Participants were asked yes/no questions about the use of community-based developmental resources such as EI programs, use of social services such as food assistance programs (enrollment in the Supplemental Nutrition Assistance Program or Supplemental Nutrition Assistance Program for Women, Infants and Children), the Low Income Home Energy Assistance Program, Transitional Aid to Needy Families (TANF), and Supplemental Security Income (SSI) since discharge from the NICU. Self-report for enrollment in public assistance programs has been validated in other studies.24,25 These questions were adapted from HelpSteps, a survey designed to identify health-related social problems. The development of HelpSteps involved a literature review and key informant interviews with health and social services experts to produce an initial list of 25 social domains.26 Of these domains, the 5 most relevant were identified using a modified Delphi technique: (1) access to health care, (2) housing, (3) food security, (4) income security, and (5) intimate partner violence. Details about the HelpSteps survey appear in previous studies.26–30
Statistical Analysis
We described the characteristics of the study population using means and proportions.

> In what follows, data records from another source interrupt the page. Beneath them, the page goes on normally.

(* Let $V$ be a finite set and $A,B\subseteq V$ with $A\cap B\neq\emptyset$, and let $\lambda,\lambda'\in\mathbb{C}$. Then $$f_A^{(\lambda)}f_B^{(\lambda)}=\begin{cases}f_{A\cup B}^{(\lambda)}&\text{if }|A\cap B|=1,\\0&\text{if }|A\cap B|\ge2,\end{cases}$$ and more generally $$f_A^{(\lambda)}f_B^{(\lambda')}=\begin{cases}f_{A\cup B}^{(\lambda'')}&\text{if }|A\cap B|=1,\\0&\text{if }|A\cap B|\ge2,\end{cases}\qquad \lambda''=\frac{(|A|-1)\lambda+(|B|-1)\lambda'}{|A|+|B|-2}=\frac{(|A|-1)\lambda+(|B|-1)\lambda'}{|A\cup B|-1}.$$
   Context: For each $i\in V$ let $\psi_i,\bar\psi_i$ be anticommuting generators of a Grassmann algebra over $\mathbb{C}$. For $A\subseteq V$, $\tau_A=\prod_{i\in A}\bar\psi_i\psi_i$ ($\tau_\emptyset=1$), and for $\lambda\in\mathbb{C}$, $f_A^{(\lambda)}=\lambda(1-|A|)\tau_A+\sum_{i\in A}\tau_{A\setminus\{i\}}-\sum_{i,j\in A,\ i\neq j}\bar\psi_i\psi_j\,\tau_{A\setminus\{i,j\}}$. *)

From HB Require Import structures.
From mathcomp Require Import all_boot all_order all_algebra.
From mathcomp Require Import reals complex.
Set Implicit Arguments. Unset Strict Implicit. Unset Printing Implicit Defensive.
Import Order.TTheory GRing.Theory Num.Theory.
Local Open Scope ring_scope.

(* Grassmann (exterior) algebra over a field F on a finite set G of
   anticommuting generators, realized concretely on the basis of monomials
   e_S (S : {set G}), where e_S = g_{s1} ... g_{sk} with s1 < ... < sk in the
   enumeration order of G.  An element is its coefficient function. *)
Section Grassmann.
Variables (F : fieldType) (G : finType).

Local Notation grass := {ffun {set G} -> F}.

(* sign of e_S e_T = (-1)^{#{(s,t) : s in S, t in T, t < s}} e_{S u T}
   when S, T disjoint *)
Definition gsign (S T : {set G}) : F :=
  (-1) ^+ #|[set p : G * G | [&& p.1 \in S, p.2 \in T &
                                 (enum_rank p.2 < enum_rank p.1)%N]]|.

Definition gmul (x y : grass) : grass :=
  [ffun U : {set G} => \sum_(S : {set G}) \sum_(T : {set G} |
       (S :|: T == U) && [disjoint S & T]) gsign S T * x S * y T].

Definition gscale (c : F) (x : grass) : grass := [ffun U : {set G} => c * x U].

Definition gone : grass := [ffun U : {set G} => (U == set0)%:R].

Definition ggen (g : G) : grass := [ffun U : {set G} => (U == [set g])%:R].

End Grassmann.

Section Fermions.
Variables (F : fieldType) (V : finType).

Definition psi (i : V) : {ffun {set (bool * V)%type} -> F} := ggen F (false, i).
Definition psibar (i : V) : {ffun {set (bool * V)%type} -> F} := ggen F (true, i).

Definition tau (A : {set V}) : {ffun {set (bool * V)%type} -> F} :=
  \big[@gmul F _/gone F _]_(i in A) gmul (psibar i) (psi i).

Definition fA (lam : F) (A : {set V}) : {ffun {set (bool * V)%type} -> F} :=
  gscale (lam * (1 - #|A|%:R)) (tau A)
  + \sum_(i in A) tau (A :\ i)
  - \sum_(i in A) \sum_(j in A | j != i)
        gmul (gmul (psibar i) (psi j)) (tau (A :\ i :\ j)).

End Fermions.

(* The products psibar_i psi_j are even, so they generate a commutative
   subring of the Grassmann algebra, in which u_ij := psibar_i psi_j obeys
   u_ij u_ij' = u_ij u_i'j = 0 and u_ij u_kl = - u_il u_kj, with t_i := u_ii.
   All computations then happen in an abstract commutative ring with such
   elements, where f_A is c t_A + sum_i t_{A-i} - sum_{i<>j} u_ij t_{A-i-j}.
   If A and B meet in a single point k, f_B factors as f_{B-l} f_{[k,l]} for
   any l in B-A, and multiplying by f_{[k,l]} just adds l to the set (and the
   constants add); induction on |B| gives f_A f_B = f_{A u B}.  If A and B
   share two points k, l, both factor through f_{[k,l]}, whose square is 0. *)
From HB Require Import structures.
From mathcomp Require Import all_boot all_order all_algebra.
From mathcomp Require Import reals complex.
From mathcomp Require Import ring zify.
Set Implicit Arguments. Unset Strict Implicit. Unset Printing Implicit Defensive.
Import Order.TTheory GRing.Theory Num.Theory.
Local Open Scope ring_scope.

Section GrassmannMul.
Variables (F : fieldType) (G : finType).
Local Notation grass := {ffun {set G} -> F}.
Implicit Types (x y z : grass) (S T U W : {set G}).

Definition gbasis S : grass := [ffun U => (U == S)%:R].

Lemma grass_expand x : x = \sum_S gscale (x S) (gbasis S).
Proof.
apply/ffunP => U; rewrite sum_ffunE (bigD1 U) //= big1 ?addr0.
  by rewrite !ffunE eqxx mulr1.
by move=> S /negbTE SU; rewrite !ffunE eq_sym SU mulr0.
Qed.

Lemma gscale0 a : gscale a (0 : grass) = 0.
Proof. by apply/ffunP => U; rewrite !ffunE mulr0. Qed.

Lemma gscale0l x : gscale 0 x = 0.
Proof. by apply/ffunP => U; rewrite !ffunE mul0r. Qed.

Lemma gscale1 x : gscale 1 x = x.
Proof. by apply/ffunP => U; rewrite ffunE mul1r. Qed.

Lemma gscaleA a b x : gscale a (gscale b x) = gscale (a * b) x.
Proof. by apply/ffunP => U; rewrite !ffunE mulrA. Qed.

Lemma gscale_sumr a (I : Type) (r : seq I) (P : pred I) (f : I -> grass) :
  gscale a (\sum_(i <- r | P i) f i) = \sum_(i <- r | P i) gscale a (f i).
Proof.
apply/ffunP => U; rewrite !ffunE !sum_ffunE mulr_sumr.
by apply: eq_bigr => i _; rewrite ffunE.
Qed.

Lemma gmulDl x y z : gmul (x + y) z = gmul x z + gmul y z.
Proof.
apply/ffunP => U; rewrite !ffunE -big_split /=; apply: eq_bigr => S _.
by rewrite -big_split /=; apply: eq_bigr => T _; rewrite !ffunE; ring.
Qed.

Lemma gmulDr x y z : gmul x (y + z) = gmul x y + gmul x z.
Proof.
apply/ffunP => U; rewrite !ffunE -big_split /=; apply: eq_bigr => S _.
by rewrite -big_split /=; apply: eq_bigr => T _; rewrite !ffunE; ring.
Qed.

Lemma gmulZl a x y : gmul (gscale a x) y = gscale a (gmul x y).
Proof.
apply/ffunP => U; rewrite !ffunE mulr_sumr; apply: eq_bigr => S _.
by rewrite mulr_sumr; apply: eq_bigr => T _; rewrite !ffunE; ring.
Qed.

Lemma gmulZr a x y : gmul x (gscale a y) = gscale a (gmul x y).
Proof.
apply/ffunP => U; rewrite !ffunE mulr_sumr; apply: eq_bigr => S _.
by rewrite mulr_sumr; apply: eq_bigr => T _; rewrite !ffunE; ring.
Qed.

Lemma gmul0l x : gmul 0 x = 0.
Proof.
apply/ffunP => U; rewrite !ffunE big1 // => S _.
by rewrite big1 // => T _; rewrite ffunE mulr0 mul0r.
Qed.

Lemma gmul0r x : gmul x 0 = 0.
Proof.
apply/ffunP => U; rewrite !ffunE big1 // => S _.
by rewrite big1 // => T _; rewrite ffunE mulr0.
Qed.

Lemma gmul_suml (I : Type) (r : seq I) (P : pred I) (f : I -> grass) y :
  gmul (\sum_(i <- r | P i) f i) y = \sum_(i <- r | P i) gmul (f i) y.
Proof. by elim/big_rec2: _ => [|i a b _ <-]; rewrite ?gmul0l ?gmulDl. Qed.

Lemma gmul_sumr (I : Type) (r : seq I) (P : pred I) (f : I -> grass) y :
  gmul y (\sum_(i <- r | P i) f i) = \sum_(i <- r | P i) gmul y (f i).
Proof. by elim/big_rec2: _ => [|i a b _ <-]; rewrite ?gmul0r ?gmulDr. Qed.

Lemma gmul_basis S T : gmul (gbasis S) (gbasis T) =
  if [disjoint S & T] then gscale (gsign F S T) (gbasis (S :|: T)) else 0.
Proof.
apply/ffunP => U; rewrite ffunE (bigD1 S) //= [X in _ + X]big1 ?addr0; last first.
  by move=> S' /negbTE SS; apply: big1 => T' _; rewrite !ffunE SS mulr0 mul0r.
rewrite big_mkcond (bigD1 T) //= [X in _ + X]big1 ?addr0; last first.
  by move=> T' /negbTE TT; case: ifP => // _; rewrite !ffunE TT mulr0.
rewrite !ffunE !eqxx !mulr1; case: (boolP [disjoint S & T]) => dST;
  rewrite ?andbT ?andbF ?ffunE //.
by rewrite eq_sym; case: (U == _); rewrite ?mulr1 ?mulr0.
Qed.

Lemma gmul_expand x y :
  gmul x y = \sum_S \sum_T gscale (x S * y T) (gmul (gbasis S) (gbasis T)).
Proof.
rewrite {1}(grass_expand x) gmul_suml; apply: eq_bigr => S _.
rewrite {1}(grass_expand y) gmul_sumr; apply: eq_bigr => T _.
by rewrite gmulZl gmulZr !gscaleA mulrC.
Qed.

Definition inversions S T := [set p : G * G | [&& p.1 \in S, p.2 \in T &
                                 (enum_rank p.2 < enum_rank p.1)%N]].

Lemma gsignE S T : gsign F S T = (-1) ^+ #|inversions S T|.
Proof. by []. Qed.

Lemma gsign0l T : gsign F set0 T = 1.
Proof.
rewrite gsignE (_ : inversions set0 T = set0) ?cards0 //.
by apply/setP => p; rewrite !inE.
Qed.

Lemma gsign0r T : gsign F T set0 = 1.
Proof.
rewrite gsignE (_ : inversions T set0 = set0) ?cards0 //.
by apply/setP => p; rewrite !inE andbF.
Qed.

Lemma cardsU_disjoint (T' : finType) (A B : {set T'}) :
  [disjoint A & B] -> #|A :|: B| = (#|A| + #|B|)%N.
Proof. by move=> dAB; rewrite cardsU (disjoint_setI0 dAB) cards0 subn0. Qed.

Lemma gsignUl S T W : [disjoint S & T] ->
  gsign F (S :|: T) W = gsign F S W * gsign F T W.
Proof.
move=> dST; rewrite !gsignE -exprD; congr (_ ^+ _).
have -> : inversions (S :|: T) W = inversions S W :|: inversions T W.
  apply/setP => p; rewrite !inE.
  by case: (p.1 \in S); case: (p.1 \in T); rewrite /= ?orbb ?orbF.
apply: cardsU_disjoint; rewrite -setI_eq0; apply/eqP/setP => -[a b].
rewrite !inE /=; case: (boolP (a \in S)) => aS //=.
by rewrite (disjointFr dST aS) andbF.
Qed.

Lemma gsignUr S T W : [disjoint T & W] ->
  gsign F S (T :|: W) = gsign F S T * gsign F S W.
Proof.
move=> dTW; rewrite !gsignE -exprD; congr (_ ^+ _).
have -> : inversions S (T :|: W) = inversions S T :|: inversions S W.
  apply/setP => p; rewrite !inE.
  by case: (p.2 \in T); case: (p.2 \in W); rewrite /= ?andbF ?orbF ?orbb.
apply: cardsU_disjoint; rewrite -setI_eq0; apply/eqP/setP => -[a b].
rewrite !inE /=; case: (boolP (b \in T)) => bT; rewrite ?andbF //=.
by rewrite (disjointFr dTW bT) !andbF.
Qed.

(* An inversion of (S, T) or of (T, S) is, up to swapping, a pair of S x T. *)
Lemma gsignC S T : [disjoint S & T] ->
  gsign F S T * gsign F T S = (-1) ^+ (#|S| * #|T|).
Proof.
move=> dST; rewrite !gsignE -exprD; congr (_ ^+ _).
pose swap (p : G * G) := (p.2, p.1).
have swapK : involutive swap by case.
pose Q := [set p : G * G | [&& p.1 \in S, p.2 \in T &
                                 (enum_rank p.1 < enum_rank p.2)%N]].
have -> : inversions T S = swap @^-1: Q.
  by apply/setP => -[a b]; rewrite !inE /= andbCA.
rewrite card_preimset; last exact: (can_inj swapK).
have -> : (#|S| * #|T|)%N = #|inversions S T :|: Q|.
  rewrite -cardsX; apply: eq_card => -[a b]; rewrite !inE /=.
  case: (boolP (a \in S)) => aS //=; case: (boolP (b \in T)) => bT //=.
  rewrite -neq_ltn; apply/esym/negP => /eqP/ord_inj/enum_rank_inj ab.
  by rewrite ab (disjointFr dST aS) in bT.
rewrite cardsU_disjoint // -setI_eq0; apply/eqP/setP => -[a b]; rewrite !inE /=.
by case: (a \in S); case: (b \in T) => //=; case: ltngtP.
Qed.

We compared the frequency of covariates (race/ethnicity, maternal education, language, income level, infant birth weight, neonatal comorbidities, post-discharge diagnoses, and medical technology) across various technological modalities (access to the Internet, email, text messaging, and owning a smartphone). P values were obtained from t tests for 2-category comparisons and analysis of variance if there were more than 2 categories. The Spearman correlation coefficient was used to test for correlations between the Bayley-III scores and continuous covariates.
Linear regression was used to evaluate the adjusted association between the use of technology and quality of life scores. Means (standard error) are presented, and adjusted differences in scores follow. Linear regression was also used to compare neurodevelopmental scores between groups. Unconditional multiple logistic regression was used to evaluate the association between technology use and medical outcomes and enrollment in public assistance programs after adjusting for confounders. Covariates that changed the β coefficients by 10% were retained in the multivariable models. Standard testing for collinearity (tolerance and variance inflation factor) revealed that collinearity in the multivariable model did not affect the standard error of the models. Beta coefficients (linear regression results) for neurodevelopmental scores and odds ratios (ORs) with 95% confidence intervals (CIs) and 2-sided P values for individual variable categories are reported.
To evaluate goodness of fit of the linear multivariable model, we evaluated the F test and R2 for the linear models. For the logistic regression model, we used the Hosmer and Lemeshow X2 goodness-of-fit test; we did not find any statistically significant departure from the fit. Standard procedures were used for both linear and logistic regression model diagnostics, and we found no substantial deviation from the goodness of fit. To identify whether income assistance or infant chronologic age was an effect modifier for food assistance (stratified analysis), we fit linear and unconditional logistic regression models containing a multiplicative interaction term.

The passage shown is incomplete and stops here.